Maya
- Founded: December 2000; 25 years ago
- Predecessors: Smart Money (2000–2016) PayMaya (2016–2022)
- Headquarters: 6/F Launchpad Center, TV5 Media Center Complex, Reliance corner Sheridan Streets, Barangay Buayang Bato, Mandaluyong, Metro Manila, {{{location_country}}}
- Area served: Philippines
- Key people: Manny V. Pangilinan (Chairman, Voyager Innovation; Chairman, Maya Philippines, Inc.; Chairman-Emeritus, Maya Bank, Inc.); Alfred Panlilio (Board Member, Voyager Innovations & Maya Philippines, Inc.); Orlando B. Vea (CEO, Maya Group);
- Industry: Financial services; Mobile Payment; Point of sale; Digital banking;
- Parent: Voyager Innovations, Inc.
- Website: www.maya.ph

= Maya (mobile payments) =

Philippine mobile payments platform

Maya (formerly known as PayMaya) is a brand of Filipino financial services and digital payments based in Metro Manila, Philippines.

==History==
The ancestral product/service, was launched in December 2000 as Smart Money powered by Smart e-Money, Inc., in cooperation with 1st e-Bank (formerly PDCP Bank; now merged into BDO Unibank) and Mastercard. It was claimed that it was the world's first card linked to a wireless phone and was marketed by Smart Communications as one of the biggest innovations in finance.

In January 2016, the service was rebranded as PayMaya and, in the first quarter of the same year, reached the milestone of having processed $1 billion worth of transactions. PayMaya reached 44 million registered users by the end of 2021.

In April 2022, PLDT (and a subsidiary Smart Communications), the majority owner and controller of PayMaya's parent company, Voyager Innovations, announced that PayMaya would be overhauled and renamed Maya, coinciding with the launch of Maya Bank.
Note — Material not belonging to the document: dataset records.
(* If $\sum_{i=1}^M b_i<1$, then for every $\epsilon>0$ the energy-scarce solution $\mathbf r^\star$ is feasible for Problem 1, i.e. $r^\star_l>0$ and $\sigma_l(\mathbf r^\star)\le b_l$ for all $l$.
   Context: Fix an integer $M\ge1$, weights $w_1,\dots,w_M>0$, constants $b_1,\dots,b_M>0$, and $\epsilon>0$. For $\mathbf r\in(0,\infty)^M$ write $S(\mathbf r)=\sum_{i=1}^M r_i$ and define $$\sigma_l(\mathbf r)=\frac{(1-e^{-r_l\epsilon})S(\mathbf r)+r_le^{-r_l\epsilon}}{S(\mathbf r)+1}.$$ Problem 1's constraint set is $\{\mathbf r\in(0,\infty)^M:\sigma_l(\mathbf r)\le b_l\ \forall l\}$. Energy-scarce solution (when $B:=\sum_i b_i<1$): for each $l$ let $$c_l=\frac{2b_l(1-B)^2}{b_l(1-B)^2+\sqrt{b_l^2(1-B)^4+4b_l^2(1-B)^2(B-b_l)\epsilon}},$$ let $x^\star=\frac{\min_l c_l}{1-B}$, $\beta^\star=\sum_{i=1}^M \frac{1}{\sqrt{w_i}}$, and set $r^\star_l=\min\{b_l,\beta^\star\sqrt{w_l}\}\,x^\star$. *)

(* real analysis (exp, sqrt). Indices l = 0..M-1 (paper: 1..M). *)
From Stdlib Require Import Reals Lra.
Open Scope R_scope.

Fixpoint sumM (M : nat) (f : nat -> R) : R :=
  match M with O => 0 | S k => sumM k f + f k end.

Fixpoint minM (M : nat) (f : nat -> R) : R :=
  match M with
  | O => f O
  | S O => f O
  | S k => Rmin (minM k f) (f k)
  end.

Definition S_tot (M : nat) (r : nat -> R) : R := sumM M r.

Definition sigma_l (M : nat) (eps : R) (r : nat -> R) (l : nat) : R :=
  ((1 - exp (- (r l * eps))) * S_tot M r + r l * exp (- (r l * eps)))
  / (S_tot M r + 1).

Definition c_l (M : nat) (b : nat -> R) (eps : R) (l : nat) : R :=
  let B := sumM M b in
  2 * b l * (1 - B)^2 /
  (b l * (1 - B)^2 +
   sqrt (b l ^ 2 * (1 - B)^4 + 4 * b l ^ 2 * (1 - B)^2 * (B - b l) * eps)).

Definition x_star (M : nat) (b : nat -> R) (eps : R) : R :=
  minM M (c_l M b eps) / (1 - sumM M b).

Definition beta_star (M : nat) (w : nat -> R) : R :=
  sumM M (fun i => 1 / sqrt (w i)).

Definition r_star (M : nat) (w b : nat -> R) (eps : R) (l : nat) : R :=
  Rmin (b l) (beta_star M w * sqrt (w l)) * x_star M b eps.

From Stdlib Require Import Reals Lra Lia Psatz.
Open Scope R_scope.

(* Since B < 1, every b_l < 1 <= beta* sqrt(w_l), so r* = x* b is a scalar
   multiple of b and the total rate is S = x* B.  Using 1 - e^{-t} <= t,
   sigma_l(x b) <= b_l reduces to the quadratic condition
   (1 - B) x + eps (B - b_l) x^2 <= 1, and c_l is exactly the positive root of
   (1 - B)^2 y + eps (B - b_l) y^2 = (1 - B)^2 in the variable y = (1 - B) x. *)

Lemma sumM_ext M f g :
  (forall i, (i < M)%nat -> f i = g i) -> sumM M f = sumM M g.
Proof.
  induction M as [|k IH]; intros H; simpl; [reflexivity|].
  rewrite IH, (H k); [reflexivity | lia | intros; apply H; lia].
Qed.

Lemma sumM_mulr M f x : sumM M (fun i => f i * x) = sumM M f * x.
Proof. induction M as [|k IH]; simpl; [|rewrite IH]; ring. Qed.

Lemma sumM_ge0 M f : (forall i, (i < M)%nat -> 0 <= f i) -> 0 <= sumM M f.
Proof.
  induction M as [|k IH]; intros H; simpl; [lra|].
  assert (0 <= sumM k f) by (apply IH; intros; apply H; lia).
  assert (0 <= f k) by (apply H; lia). lra.
Qed.

Lemma sumM_ge_term M f l :
  (forall i, (i < M)%nat -> 0 <= f i) -> (l < M)%nat -> f l <= sumM M f.
Proof.
  induction M as [|k IH]; intros H Hl; simpl; [lia|].
  assert (0 <= sumM k f) by (apply sumM_ge0; intros; apply H; lia).
  destruct (Nat.eq_dec l k) as [->|Hne]; [lra|].
  assert (f l <= sumM k f) by (apply IH; [intros; apply H|]; lia).
  assert (0 <= f k) by (apply H; lia). lra.
Qed.

Lemma minM_le M f l : (l < M)%nat -> minM M f <= f l.
Proof.
  induction M as [|[|k] IH]; intros Hl; [lia| |].
  - replace l with O by lia. simpl. lra.
  - change (minM (S (S k)) f) with (Rmin (minM (S k) f) (f (S k))).
    destruct (Nat.eq_dec l (S k)) as [->|Hne]; [apply Rmin_r|].
    eapply Rle_trans; [apply Rmin_l | apply IH; lia].
Qed.

Lemma minM_gt0 M f :
  (1 <= M)%nat -> (forall i, (i < M)%nat -> 0 < f i) -> 0 < minM M f.
Proof.
  induction M as [|[|k] IH]; intros HM H; [lia| simpl; apply H; lia |].
  change (minM (S (S k)) f) with (Rmin (minM (S k) f) (f (S k))).
  apply Rmin_pos; [apply IH; [lia | intros; apply H; lia] | apply H; lia].
Qed.

Lemma one_sub_exp_opp_le t : 1 - exp (- t) <= t.
Proof. pose proof (exp_ineq1_le (- t)). lra. Qed.

Section QuadraticRoot.

Variables p q : R.
Hypothesis p_gt0 : 0 < p.
Hypothesis q_ge0 : 0 <= q.

(* The positive root of q y^2 + p y - p = 0, written in the cancellation-free
   form 2p / (p + sqrt (p^2 + 4pq)). *)
Definition quadratic_root := 2 * p / (p + sqrt (p ^ 2 + 4 * p * q)).

Let s := sqrt (p ^ 2 + 4 * p * q).

Let s_ge0 : 0 <= s.
Proof. apply sqrt_pos. Qed.

Let s_sq : s * s = p ^ 2 + 4 * p * q.
Proof. apply sqrt_sqrt. nra. Qed.

Lemma quadratic_root_gt0 : 0 < quadratic_root.
Proof. unfold quadratic_root. fold s. apply Rdiv_lt_0_compat; lra. Qed.

Lemma quadratic_root_eq :
  p * quadratic_root + q * quadratic_root ^ 2 = p.
Proof.
  unfold quadratic_root. fold s.
  field_simplify; [| lra].
  replace (s ^ 2) with (p ^ 2 + 4 * p * q) by (rewrite <- s_sq; ring).
  field. nra.
Qed.

Lemma below_quadratic_root y :
  0 <= y <= quadratic_root -> p * y + q * y ^ 2 <= p.
Proof.
  intros [y_ge0 y_le].
  pose proof quadratic_root_eq as root_eq. pose proof quadratic_root_gt0.
  set (c := quadratic_root) in *.
  assert (q * y ^ 2 <= q * c ^ 2) by (apply Rmult_le_compat_l; nra).
  nra.
Qed.

End QuadraticRoot.

Lemma c_l_quadratic_root M b eps l :
  let B := sumM M b in
  c_l M b eps l =
  quadratic_root (b l * (1 - B) ^ 2) (b l * (B - b l) * eps).
Proof.
  intros B. unfold c_l, quadratic_root. fold B.
  replace (b l ^ 2 * (1 - B) ^ 4 + 4 * b l ^ 2 * (1 - B) ^ 2 * (B - b l) * eps)
    with ((b l * (1 - B) ^ 2) ^ 2 + 4 * (b l * (1 - B) ^ 2) * (b l * (B - b l) * eps))
    by ring.
  rewrite Rmult_assoc. reflexivity.
Qed.

Lemma c_l_gt0 M b eps l :
  let B := sumM M b in
  0 < b l -> B < 1 -> 0 < c_l M b eps l.
Proof.
  intros B hb hB. rewrite c_l_quadratic_root. fold B.
  apply quadratic_root_gt0, Rmult_lt_0_compat; [exact hb | apply pow_lt; lra].
Qed.

Lemma below_c_l M b eps l x :
  let B := sumM M b in
  0 < b l -> b l <= B -> B < 1 -> 0 < eps -> 0 <= (1 - B) * x <= c_l M b eps l ->
  (1 - B) * x + eps * (B - b l) * x ^ 2 <= 1.
Proof.
  intros B hb hbB hB heps hy. rewrite c_l_quadratic_root in hy. fold B in hy.
  assert (hp : 0 < b l * (1 - B) ^ 2)
    by (apply Rmult_lt_0_compat; [|apply pow_lt]; lra).
  assert (hq : 0 <= b l * (B - b l) * eps)
    by (apply Rmult_le_pos; [apply Rmult_le_pos|]; lra).
  apply (below_quadratic_root _ _ hp hq) in hy.
  apply Rmult_le_reg_l with (b l * (1 - B) ^ 2); [exact hp | lra].
Qed.

Lemma sigma_l_ext M eps r r' l :
  (forall i, (i < M)%nat -> r i = r' i) -> (l < M)%nat ->
  sigma_l M eps r l = sigma_l M eps r' l.
Proof.
  intros H hl. unfold sigma_l, S_tot. rewrite (sumM_ext M r r' H), (H l hl).
  reflexivity.
Qed.

Lemma sigma_l_scaled_le M eps b x l :
  let B := sumM M b in
  0 < eps -> 0 < x -> (forall i, (i < M)%nat -> 0 < b i) -> (l < M)%nat ->
  (1 - B) * x + eps * (B - b l) * x ^ 2 <= 1 ->
  sigma_l M eps (fun i => b i * x) l <= b l.
Proof.
  intros B heps hx hb hl hquad.
  assert (hbB : b l <= B) by (apply sumM_ge_term; [intros i hi; left; apply hb|]; auto).
  assert (hbl := hb l hl).
  unfold sigma_l, S_tot. rewrite sumM_mulr. fold B.
  set (e := exp (- (b l * x * eps))).
  assert (he : 1 - e <= b l * x * eps) by apply one_sub_exp_opp_le.
  assert (hS : 0 <= B * x) by nra.
  (* (1 - e) B x + b_l x e = (1 - e)(B - b_l) x + b_l x *)
  assert (hnum : (1 - e) * ((B - b l) * x) <= b l * x * eps * ((B - b l) * x))
    by (apply Rmult_le_compat_r; nra).
  apply Rle_trans with (b l * (B * x + 1) / (B * x + 1)); [| right; field; lra].
  apply Rmult_le_compat_r; [left; apply Rinv_0_lt_compat; lra | nra].
Qed.

Lemma r_star_scaled M w b eps l :
  (forall i, (i < M)%nat -> 0 < w i) -> (forall i, (i < M)%nat -> 0 < b i) ->
  sumM M b < 1 -> (l < M)%nat ->
  r_star M w b eps l = b l * x_star M b eps.
Proof.
  intros hw hb hB hl. unfold r_star. rewrite Rmin_left; [reflexivity|].
  assert (hsw : 0 < sqrt (w l)) by (apply sqrt_lt_R0, hw, hl).
  assert (hbeta : 1 / sqrt (w l) <= beta_star M w).
  { apply (sumM_ge_term M (fun i => 1 / sqrt (w i))); [| exact hl].
    intros i hi. left. apply Rdiv_lt_0_compat; [lra | apply sqrt_lt_R0, hw, hi]. }
  assert (hbl : b l <= sumM M b) by (apply sumM_ge_term; [intros i hi; left; apply hb|]; auto).
  assert (1 <= beta_star M w * sqrt (w l)).
  { replace 1 with (1 / sqrt (w l) * sqrt (w l)) by (field; lra).
    apply Rmult_le_compat_r; lra. }
  lra.
Qed.

Theorem lemma4 (M : nat) (w b : nat -> R) (eps : R)
  (hM : (1 <= M)%nat)
  (hw : forall i, (i < M)%nat -> 0 < w i)
  (hb : forall i, (i < M)%nat -> 0 < b i)
  (heps : 0 < eps)
  (hB : sumM M b < 1) :
  forall l, (l < M)%nat ->
    0 < r_star M w b eps l /\
    sigma_l M eps (r_star M w b eps) l <= b l.
Proof.
  intros l hl.
  set (B := sumM M b) in *. set (x := x_star M b eps).
  assert (hbB : forall i, (i < M)%nat -> b i <= B)
    by (intros i hi; apply sumM_ge_term; [intros j hj; left; apply hb|]; auto).
  assert (hy : 0 < (1 - B) * x <= c_l M b eps l).
  { replace ((1 - B) * x) with (minM M (c_l M b eps))
      by (unfold x, x_star; fold B; field; lra).
    split; [apply minM_gt0; [exact hM|] | apply minM_le, hl].
    intros i hi. apply c_l_gt0; auto. }
  assert (hx : 0 < x) by nra.
  rewrite (r_star_scaled M w b eps l hw hb hB hl).
  split; [apply Rmult_lt_0_compat; [apply hb, hl | exact hx] |].
  rewrite (sigma_l_ext M eps _ (fun i => b i * x) l) by (auto using r_star_scaled).
  apply sigma_l_scaled_le, below_c_l; auto.
  fold B. lra.
Qed.
(* Let $L$, $\rho$ and the notions below be as in the context, let $\lambda_9\in\Lambda$ be a vector of norm $9$, and let $s=(\lambda_9;\theta,-1)$. Let $p$ be the point of $s^\perp$ nearest $\rho$, and let $B=\{x\in\mathbb{C}H^{13}:\mathrm{ht}_\rho(x)<\mathrm{ht}_\rho(p)\}$ be the open horoball centered at $\rho$ whose bounding horosphere is tangent to $s^\perp$ at $p$. Then there exist an open ball $U$ around $p$ with $U\cap\mathcal{H}=U\cap\mathcal{H}_p$, and a triflection $R$ in a Leech root, such that $B\cap R(B)\cap U\neq\emptyset$ and $R(B)\cap U\cap s^\perp\neq\emptyset$.
   Context: Let $\omega$ be a primitive cube root of unity, $\mathcal{E}=\mathbb{Z}[\omega]$, $\theta=\omega-\bar\omega=\sqrt{-3}$. Hermitian forms are linear in the first argument and antilinear in the second; $v^2=\langle v,v\rangle$. $\Lambda$ is the complex Leech lattice, an $\mathcal{E}$-lattice of rank 12 whose underlying real lattice is a scaled Leech lattice, scaled to have minimal norm $6$ (all inner products in $\theta\mathcal{E}$, $\Lambda=\theta\Lambda^*$). $L=\Lambda\oplus\mathcal{E}^2$, vectors $(x;y,z)$ with $x\in\Lambda$, $y,z\in\mathcal{E}$, and $\langle(x;y,z),(x';y',z')\rangle=\langle x,x'\rangle_\Lambda+\bar\theta y\bar z'+\theta z\bar y'$; signature $(13,1)$; $\mathbb{C}H^{13}$ is the set of negative-definite lines in $L\otimes_{\mathcal{E}}\mathbb{C}$ with its complex hyperbolic metric. A root is a vector of $L$ of norm $3$; $s^\perp$ is the corresponding hyperplane in $\mathbb{C}H^{13}$; $\mathcal{H}$ is the union of all such hyperplanes and $\mathcal{H}_p$ the union of those containing $p$. $\rho=(0;0,1)$. For $x\in\mathbb{C}H^{13}$ represented by $w$, $\mathrm{ht}_\rho(x)=-|\langle \rho,w\rangle|^2/w^2$. A Leech root is a root $l$ with $|\langle\rho,l\rangle|^2=3$. A triflection in a root $l$ is a map $x\mapsto x-(1-\zeta)\frac{\langle x,l\rangle}{3}l$ with $\zeta\in\{\omega,\bar\omega\}$. The point of $s^\perp$ nearest $\rho$ is the point represented by $\rho-\tfrac13\langle\rho,s\rangle s$ (the point of $s^\perp$ minimizing $\mathrm{ht}_\rho$). *)

From HB Require Import structures.
From mathcomp Require Import all_boot all_order all_algebra.
From mathcomp Require Import complex.
From mathcomp Require Import reals sequences exp.
Set Implicit Arguments. Unset Strict Implicit. Unset Printing Implicit Defensive.
Import Order.TTheory GRing.Theory Num.Theory.
Local Open Scope ring_scope.
Local Open Scope complex_scope.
The said rebranding came to fruition on May 2, 2022.

In January 2025, a streaming network called BeetzePlay was introduced to be streamed only on Maya for short drama series on vertical mode and 2-3 minute runtimes similar to TikTok's video style with the same duration.

==Products==

PayMaya logo from 2015 until 2021. The logo is still used in some Smart Padala outlets, and their store and bank partners, notably in their QR Code payment counters.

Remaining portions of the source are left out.